Circuit Theory/Active Filters/Example90

Start with writing a node equation:

${\displaystyle i_{1}-i_{2}-i_{3}-i_{0}=0}$

${\displaystyle {\frac {V_{in}-V_{node}}{R_{1}}}-V_{node}sC_{1}-{\frac {V_{node}-V_{o}}{R_{3}}}-{\frac {V_{node}}{R_{2}}}=0}$

But the last expression for i_o could have also been written using C₂. And we need to eliminate V_node.
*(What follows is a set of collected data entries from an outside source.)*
(* Let $k$ be a field of characteristic zero, $S=k[x,y]$, let $a,b$ be positive integers and $J=(x^a,y^b)\subset S$, and let $I$ be a monomial ideal of $S$ with $J\subset I$. Then the graded $S$-module $I/J$ has the strong Lefschetz property.
   Context: $S$ is standard graded. A finite graded $S$-module $M=\bigoplus_i M_i$ has the strong Lefschetz property if there exists a linear form $\ell\in S_1$ such that the multiplication map $\times\ell^d\colon M_i\to M_{i+d}$ has maximal rank (is injective or surjective) for all $d>0$ and all $i$. *)

From HB Require Import structures.
From mathcomp Require Import all_boot all_order all_algebra.
From mathcomp Require Import mpoly.
Set Implicit Arguments.
Unset Strict Implicit.
Unset Printing Implicit Defensive.
Import GRing.Theory.
Local Open Scope ring_scope.

Definition monomial_ideal_gen (k : fieldType) (n : nat)
    (E : 'X_{1..n} -> Prop) (p : {mpoly k[n]}) : Prop :=
  exists s : seq ('X_{1..n} * {mpoly k[n]}),
    (forall x, x \in s -> E x.1) /\ p = \sum_(x <- s) x.2 * 'X_[x.1].

Definition is_monomial_ideal (k : fieldType) (n : nat)
    (I : {mpoly k[n]} -> Prop) : Prop :=
  exists E : 'X_{1..n} -> Prop, forall p, I p <-> monomial_ideal_gen E p.

Definition varx (k : fieldType) : {mpoly k[2]} := 'X_(ord0 : 'I_2).
Definition vary (k : fieldType) : {mpoly k[2]} := 'X_(ord_max : 'I_2).

Definition idealJ (k : fieldType) (a b : nat) (p : {mpoly k[2]}) : Prop :=
  exists u v : {mpoly k[2]}, p = u * varx k ^+ a + v * vary k ^+ b.

(* For homogeneous ideals J ⊆ I of S, the graded module M = I/J has
   M_i = I_i / J_i (I_i = homogeneous elements of degree i in I).
   The map  x l^d : M_i -> M_{i+d},  [f] |-> [l^d f],  is
   - injective  iff  for f in I_i,  l^d f in J  implies  f in J;
   - surjective iff  every g in I_{i+d} is congruent mod J to l^d f
     for some f in I_i. *)
Definition mul_injective (k : fieldType) (n : nat)
    (I J : {mpoly k[n]} -> Prop) (l : {mpoly k[n]}) (d i : nat) : Prop :=
  forall f : {mpoly k[n]}, I f -> f \is i.-homog -> J (l ^+ d * f) -> J f.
So our second equation is associated with the feedback resistor:

${\displaystyle {\frac {V_{node}}{R_{2}}}-(0-V_{o}sC_{2})=0}$

Now these two equations can be solved for V_o/V_in:

solve([(vin-vnode)/r1 - vnode*s*c1 - (vnode-vout)/r3 - vnode/r2, vnode/r2 - (0-vout*s*c2)],[vout,vin])

The transfer function is going to be the ratio of V_out/V_in so:

vout := -vnode/(c2*r2*s)
vin := (vnode*(r1 + c2*r1*r2*s + c2*r1*r3*s + c2*r2*r3*s + c1*c2*r1*r2*r3*s^2))/(c2*r2*r3*s);
vout/vin
-r3/(r1 + c2*r1*r2*s + c2*r1*r3*s + c2*r2*r3*s + c1*c2*r1*r2*r3*s^2)

Yields this:

${\displaystyle -{\frac {R_{3}}{R_{1}+(C_{2}R_{1}R_{2}+C_{2}R_{1}R_{3}+C_{2}R_{2}R_{3})s+C_{1}C_{2}R_{1}R_{2}R_{3}s^{2}}}}$

Which looks like a low pass filter (inverted because of the op amp).